Uploaded: Apr 30, 2016
We recently flew to the Midwest to visit grandparents and great grandparents.

Our only plans were to spend time together and go to the bookstore. But we found ourselves with an abundance of things to do.

My mom not only kept many toys from my own childhood, but also swaps toys with another grandma and good friend in the neighborhood. Whenever grandkids visit, they grab a few extra toys from each other's basements for the little ones to enjoy.

Our kids had so much fun exploring grandma's bins of "kid stuff." Our son found a slinky to go down the stairs, some old Tonka trucks, and a stack of old board games. Our daughter enjoyed filling up a Connect Four board and bouncing balls all over the house.

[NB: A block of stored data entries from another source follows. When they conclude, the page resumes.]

Lemma good_ext_fun F g : countable F -> exists p, good_ext F (inr g) p.
Proof.
move=> cF; have [met|unmet] := pselect (task_met F (inr g)); first by exists set0; exact: good_ext0.
have fibI k : I0 (g @^-1` [set k]) by apply: contrapT => nI; apply: unmet; left; exists k.
(* Pull some b in J0 back along g to an I0-positive set, shrink it to finite
   g-fibres and to almost disjointness from the g-preimages of members of F;
   the new set is the part of b hit by the result. *)
have [b Jb nIgb] := J0_not_katetov g.
have [Q [Qgb nIQ finQ]] := I0_weakP nIgb (fun k => nat_idealS I0_ideal (fibI k) (@subIsetr _ _ _)).
have QFI a : F a -> I0 (Q `&` g @^-1` a).
  move=> Fa; apply: contrapT => nI; apply: unmet; right; exists a => //.
  exists (Q `&` g @^-1` a); split=> // [_ [n [_ an] <-] //|k].
  by apply: sub_finite_set (finQ k) => n [[Qn _] gn].
have [D [DQ nID finD]] : exists D, [/\ D `<=` Q, ~ I0 D &
    forall a, (preimage g @` F) a -> finite_set (D `&` a)].
  apply: almost_disjoint_refinement nIQ _; first exact: card_le_trans (card_image_le _ _) cF.
  by move=> _ [a Fa <-]; exact: QFI.
exists (b `&` g @` D); split.
- exact: (nat_idealS J0_ideal) Jb (@subIsetl _ _ _).
- move=> a Fa; apply: sub_finite_set (finite_image g (finD _ (ex_intro2 _ _ a Fa erefl))).
  by move=> _ [[_ [n Dn <-]] gna]; exists n.
right; exists (b `&` g @` D); [by right | exists D; split=> // [_ [n Dn <-]|k]].
  by split; [exact: Qgb (DQ _ Dn) | exists n].
by apply: sub_finite_set (finQ k) => n [Dn gn]; split=> //; exact: DQ.
Qed.

Lemma good_ext_exists F t : countable F -> exists p, good_ext F t p.
Proof. by case: t => [E|g] cF; [exact: good_ext_set | exact: good_ext_fun]. Qed.

Theorem ad_family_exists : CH -> exists AA : set (set nat),
  [/\ almost_disjoint_family AA, forall a, AA a -> J0 a,
      forall E, ~ J0 E -> exists2 a, AA a & infinite_set (E `&` a) &
      forall g : nat -> nat, (forall k, I0 (g @^-1` [set k])) ->
        exists2 a, AA a & exists D, [/\ ~ I0 D, g @` D `<=` a &
          forall k, finite_set (D `&` g @^-1` [set k])]].
Proof.
move=> ch; have [dec decK] : exists dec : set nat -> Task, cancel task_code dec.
  exists ('pinv_(fun _ => inl set0) setT task_code) => t.
  by rewrite pinvKV ?inE //; exact: in2W task_code_inj.
have [W [lt [p [code [lt_total code_surj pgood]]]]] :=
  @CH_recursion (fun F S => good_ext F (dec S)) ch (fun F S => good_ext_exists (dec S)).
pose before t := p @` [set s | W s /\ lt s t].
have task t0 : exists2 t, W t & good_ext (before t) t0 (p t).
  have [t Wt ct] := code_surj (task_code t0).
  by exists t => //; rewrite -[t0]decK -ct; exact: pgood.
pose AA := [set a | infinite_set a /\ exists2 t, W t & p t = a].
have AA_stage t a : W t -> (before t `|` [set p t]) a -> infinite_set a -> AA a.
  by move=> Wt [[s [Ws _] <-]|->] ia; split=> //; [exists s | exists t].
have AAJ a : AA a -> J0 a by case=> _ [t Wt <-]; have [] := pgood t Wt.
have AAmax E : ~ J0 E -> exists2 a, AA a & infinite_set (E `&` a).
  move=> nJE; have [t Wt [_ _ [//|[a Fa infEa]]]] := task (inl E).
  by exists a => //; apply: AA_stage Fa _ => // /(finite_setIr E).
exists AA; split=> //; first split.
- exact: maximal_family_infinite J0_ideal J0_proper AAJ AAmax.
- by move=> a [].
- move=> _ _ [_ [s Ws <-]] [_ [t Wt <-]] pst.
  have [lst|lts] := lt_total s t Ws Wt (fun st => pst (congr1 p st)).
    by have [_ fin _] := pgood t Wt; rewrite setIC; apply: fin; exists s.
  by have [_ fin _] := pgood s Ws; apply: fin; exists t.
move=> g fibI; have [t Wt [_ _ [[k /(_ (fibI k))]//|[a Fa [D [nID gDa finD]]]]]] := task (inr g).
exists a; last by exists D.
apply: AA_stage Fa _ => // fina; apply: nID; apply: (nat_ideal_finite I0_ideal).
apply: sub_finite_set (bigcup_finite fina (fun k _ => finD k)) => n Dn.
by exists (g n); [apply: gDa; exists n | split].
Qed.

End ADFamily.

Section MrowkaFinBW.
Variables (AA I0 : set (set nat)).
Hypothesis I0_ideal : nat_ideal I0.
Hypothesis I0_weakP : forall (C : set nat) (pi : nat -> mrowka AA), ~ I0 C ->
  (forall y, I0 (C `&` pi @^-1` [set y])) ->
  exists D, [/\ D `<=` C, ~ I0 D & forall y, finite_set (D `&` pi @^-1` [set y])].
Hypothesis AD : forall A B, AA A -> AA B -> A <> B -> finite_set (A `&` B).
Hypothesis AA_catches : forall g : nat -> nat, (forall k, I0 (g @^-1` [set k])) ->
  exists2 a, AA a & exists D, [/\ ~ I0 D, g @` D `<=` a &
    forall k, finite_set (D `&` g @^-1` [set k])].

Section Sequence.
Variable x : nat -> mrowka AA.
Hypothesis x_fibres : forall p, I0 (x @^-1` [set p]).

Let hits_AA := [set n | exists a, x n = pt_set a].

Lemma conv_subseq_infty : ~ I0 hits_AA -> exists A, ~ I0 A /\ exists p, conv_on x A p.
Proof.
move=> nI_hits; have [D [Dhits nID finD]] :=
  I0_weakP nI_hits (fun p => nat_idealS I0_ideal (x_fibres p) (@subIsetr _ _ _)).
exists D; split=> //; exists None; apply: conv_on_infty => [n /Dhits //|a].
by apply: sub_finite_set (finD (pt_set a)) => n [].
Qed.

Lemma conv_subseq_set : I0 hits_AA -> exists A, ~ I0 A /\ exists p, conv_on x A p.
Proof.
move=> I_hits; pose g n := if x n is Some (inr m) then m else 0.
have x_cover n : [\/ x n = pt_nat (g n), hits_AA n | x n = None].
  rewrite /g /hits_AA /=; case: (x n) => [[a|m]|]; last exact: Or33.
    by apply: Or32; exists a.
  exact: Or31.
have fibg k : I0 (g @^-1` [set k]).
  apply: (nat_idealSU I0_ideal)
    (nat_idealU I0_ideal (x_fibres (pt_nat k)) I_hits) (x_fibres None) _.
  by move=> n /= gn; case: (x_cover n) => [|?|?]; [rewrite gn; left; left | left; right | right].
have [a AAa [D [nID gDa finD]]] := AA_catches fibg.
pose A := D `&` [set n | x n = pt_nat (g n)].
exists A; split.
  move=> IA; apply: nID.
  apply: (nat_idealSU I0_ideal) (nat_idealU I0_ideal IA I_hits) (x_fibres None) _.
  by move=> n Dn; case: (x_cover n) => [?|?|?]; [left; left | left; right | right].
exists (pt_set (SigSub (mem_set AAa))); apply: (conv_on_set AD) => [n [Dn xn]|m].
  by exists (g n) => //; apply: gDa; exists n.
by apply: sub_finite_set (finD m) => n [[Dn xn] /esym]; rewrite xn => -[].
Qed.

End Sequence.

Lemma mrowka_conv_subseq (x : nat -> mrowka AA) : exists A, ~ I0 A /\ exists p, conv_on x A p.
Proof.
have [[p nIp]|/forallNP fibI] := pselect (exists p, ~ I0 (x @^-1` [set p])).
  by exists (x @^-1` [set p]); split=> //; exists p; exact: conv_on_cst.
have x_fibres p : I0 (x @^-1` [set p]) by apply: contrapT; exact: fibI.
have [I_hits|nI_hits] := pselect (I0 [set n | exists a, x n = pt_set a]).
  exact: conv_subseq_set.
exact: conv_subseq_infty.
Qed.

End MrowkaFinBW.

Lemma conv_pt_nat_ideal (AA K : set (set nat)) : nat_ideal K ->
  (forall a, AA a -> K a) -> (forall E, ~ K E -> exists2 a, AA a & infinite_set (E `&` a)) ->
  forall A p, conv_on (@pt_nat AA) A p -> K A.
Proof.
move=> K_ideal AAK AAmax A [[a|m]|] Ap.
- have fin := Ap _ (nbhs_mrowka_basic (mrowka_basic_set a (finite_set0 _)) (or_introl erefl)).
  apply: (nat_idealSU K_ideal) (nat_ideal_finite K_ideal fin) (AAK _ (set_mem (valP a))) _.
  move=> n An; have [|nU] := pselect (mrowka_nbhs_set a set0 (pt_nat n)); last by left.
  by case=> [//|[k [ak _] [<-]]]; right.
- have fin := Ap _ (nbhs_mrowka_basic (mrowka_basic_nat AA m) erefl).
  apply: (nat_idealSU K_ideal) (nat_ideal_finite K_ideal fin)
    (nat_ideal_finite K_ideal (finite_set1 m)) _.
  by move=> n An; have [[->]|nU] := pselect ([set pt_nat m] (@pt_nat AA n)); [right|left].
apply: contrapT => /AAmax[a AAa]; apply; pose a' : AA := SigSub (mem_set AAa).
have bU := mrowka_basic_infty (finite_set0 nat) (finite_set1 a').
apply: sub_finite_set (Ap _ (nbhs_mrowka_basic bU (or_introl (or_introl erefl)))).
move=> n [An an]; split=> // -[[//|[b _ //]]|[k nk [kn]]].
by apply: nk; right; exists a'; rewrite // kn.
Qed.

Lemma FinBW_subideal {T : Type} (I I' : set (set T)) (X : topologicalType) :
  supp I = supp I' -> I `<=` I' -> FinBW I' X -> FinBW I X.
Proof.
move=> suppI II' [hX I'BW]; split=> // x; have [A [AX nIA conv]] := I'BW x.
by exists A; split=> //; [rewrite suppI | move/II'].
Qed.

Lemma supp_enum {T : Type} (K : set (set T)) : is_ideal K ->
  exists (h : nat -> T) (fi : T -> nat),
    [/\ forall n, supp K (h n), forall n, fi (h n) = n & forall t, supp K t -> h (fi t) = t].
Proof.
case=> cX iX _ _ _; have /card_set_bijP[fi [_ fiinj fisurj]] := eq_card_nat cX iX.
have /choice[h hP] : forall n, exists t, supp K t /\ fi t = n.
  by move=> n; have [t Xt <-] := fisurj n I; exists t.
exists h, fi; split=> [n|n|t Xt]; [by case: (hP n) | by case: (hP n) |].
by case: (hP (fi t)) => Xh fih; apply: fiinj; rewrite ?inE.
Qed.

Lemma supp_Fin2 : supp Fin2 = setT.
Proof.
apply/seteqP; split=> // -[n m] _; exists [set (n, m)] => //.
rewrite /Fin2 /= (_ : [set _ | _] = set0) ?finite_set0 //; apply/seteqP; split=> // k; apply.
by apply: sub_finite_set (finite_set1 m) => l [].
Qed.

Lemma supp_restr {T : Type} (K : set (set T)) (A : set T) : is_ideal K ->
  A `<=` supp K -> supp (restr K A) = A.
Proof.
case=> _ _ _ Kfin _ AX; apply/seteqP; split=> [t [_ [B _ <-] []] //|t At].
exists [set t] => //; exists [set t]; last by apply/seteqP; split=> [_ [-> //]|_ ->].
by apply: Kfin; [move=> _ ->; exact: AX | exact: finite_set1].
Qed.

Definition pull_ideal {T : Type} (h : nat -> T) (K : set (set T)) : set (set nat) :=
  [set S | K (h @` S)].

Section PullIdeal.
Variables (T : Type) (K : set (set T)) (h : nat -> T) (fi : T -> nat).
Hypothesis K_ideal : is_ideal K.
Hypotheses (h_supp : forall n, supp K (h n)) (fihK : forall n, fi (h n) = n)
  (hfiK : forall t, supp K t -> h (fi t) = t).

Lemma pull_ideal_fin : nat_ideal (pull_ideal h K).
Proof.
case: K_ideal => _ _ [Ksub KU] Kfin _; split=> [A B KB AB|A B KA KB|F finF].
- by apply: Ksub KB _; exact: image_subset.
- by rewrite /pull_ideal /= image_setU; exact: KU.
- by apply: Kfin; [move=> _ [n _ <-] | exact: finite_image].
Qed.

Lemma image_preimage_supp (A : set T) : A `<=` supp K -> h @` (h @^-1` A) = A.
Proof.
move=> AX; apply/seteqP; split=> [_ [n An <-] //|t At].
by exists (fi t); rewrite /= hfiK //; exact: AX.
Qed.

Lemma pull_idealT : ~ pull_ideal h K setT.
Proof.
case: K_ideal => _ _ _ _; rewrite /pull_ideal /= (_ : h @` setT = supp K) //.
by apply/seteqP; split=> [_ [n _ <-] //|t Xt]; exists (fi t); rewrite ?hfiK.
Qed.

Lemma FinBW_pull (X : topologicalType) : hausdorff_space X ->
  (forall x : nat -> X, exists A, ~ pull_ideal h K A /\ exists p, conv_on x A p) -> FinBW K X.
Proof.
move=> hX BW; split=> // x; have [A [nKA [p conv]]] := BW (x \o h).
exists (h @` A); split=> //; first by move=> _ [n _ <-].
exists p => U /conv finU; apply: sub_finite_set (finite_image h finU).
by move=> _ [[n An <-] nU]; exists n.
Qed.

Lemma not_FinBW_pull (X : topologicalType) (x : nat -> X) :
  (forall A p, conv_on x A p -> pull_ideal h K A) -> ~ FinBW K X.
Proof.
move=> conv_pull [_ BW]; have [A [AX nKA [p conv]]] := BW (x \o fi).
apply: nKA; rewrite -(image_preimage_supp AX); apply: (conv_pull _ p) => U /conv finU.
apply: sub_finite_set (finite_image fi finU) => n [An nU].
by exists (h n); rewrite //= fihK.
Qed.

Lemma pull_Fin2_not_below : hereditary_weakP K -> forall C, ~ pull_ideal h K C ->
  ~ exists f : nat -> nat * nat,
      set_bij C setT f /\ forall B, Fin2 B -> pull_ideal h K (C `&` f @^-1` B).
Proof.
move=> hwp C nKC [f [[_ finj fsurj] fFin2]].
have hCX : h @` C `<=` supp K by move=> _ [n _ <-].
apply: (hwp _ hCX nKC); exists (f \o fi); split=> [|B F2B].
  rewrite supp_restr // supp_Fin2; split=> [//| t t' /set_mem[n Cn <-] /set_mem[n' Cn' <-]|k _] /=.
    by rewrite !fihK => /finj e; congr h; apply: e; rewrite inE.
  by have [n Cn <-] := fsurj k I; exists (h n); [exists n | rewrite /= fihK].
rewrite supp_restr //; exists (h @` (C `&` f @^-1` B)); first exact: fFin2.
apply/seteqP; split=> [_ [[n [Cn Bn] <-] _]|_ [[n Cn <-] Bn]]; split;
  [by exists n | by rewrite /= fihK | | by exists n].
by exists n => //; split=> //; rewrite /= fihK in Bn.
Qed.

Having no plans doesn't always work. Sometimes it's overwhelming and other times it is boring. But sometimes it creates lasting memories.
What is it worth to you?


Posted by Buffy, a resident of Menlo Park: Downtown,
on Apr 30, 2016 at 6:18 pm

Reading this blog is the mental equivalent of watching Romper Room or Mister Roger's Neighborhood.

Posted by Cheryl Bac, a Palo Alto Online blogger,
on May 1, 2016 at 8:11 am

Cheryl Bac is a registered user.

Buffy - Thanks for the feedback

Posted by Mother of 4 , a resident of Palo Verde School,
on May 3, 2016 at 1:06 pm

We learned a long time ago that making a trip to see family can be very overwhelming for young kids. They spend a lot of time in a house that isn't familiar with people they don't know. They are out of routine, sleeping in strange beds and even using strange and unfamiliar cups, plates, etc. etc. We found that the best trips were the ones when we spent most of the time hanging out with the people we were staying with. If other relatives wanted to see us, we invited them to where we were staying. If there was something special we wanted to do, like a local famous site or activity, we only did it once and for a short time as anything more seemed too much for a toddler to handle and would result in even the most calm child having temper tantrums and becoming uncooperative.

Instead, as you so rightly suggest, some old fashioned toys, a walk to a local playground and the opportunity to do something familiar (like a happy meal at MacDonalds) worked best for our young ones. The busier outings to local places of interest can wait until they are old enough to handle them.

Posted by Cheryl Bac, a Palo Alto Online blogger,
on May 3, 2016 at 6:15 pm

Cheryl Bac is a registered user.

Mother of 4 - Thanks for sharing your experience. Yes, it's interesting to see how our kids have behaved when grandma or other relatives come to us vs us going to visit them.

Posted by Agree with Buffy , a resident of Menlo Park: Central Menlo Park,
on May 9, 2016 at 1:15 pm

Have to agree with Buffy, this blog is written at a toddlers level, rather than by someone who touts a Phd in psychology.

You basically just broke down ever visit to the grandparents. No real plans, just visit. And yet, in the absence of 'plans', things happened anyway. Incredible! Oh, and kids love playing with toys that are new to them. Insightful!!

I really want to like your blog, but Cheryl you make it very very hard.

Posted by Cheryl Bac, a Palo Alto Online blogger,
on May 9, 2016 at 7:36 pm

Cheryl Bac is a registered user.

Agree with Buffy- Thanks for your feedback.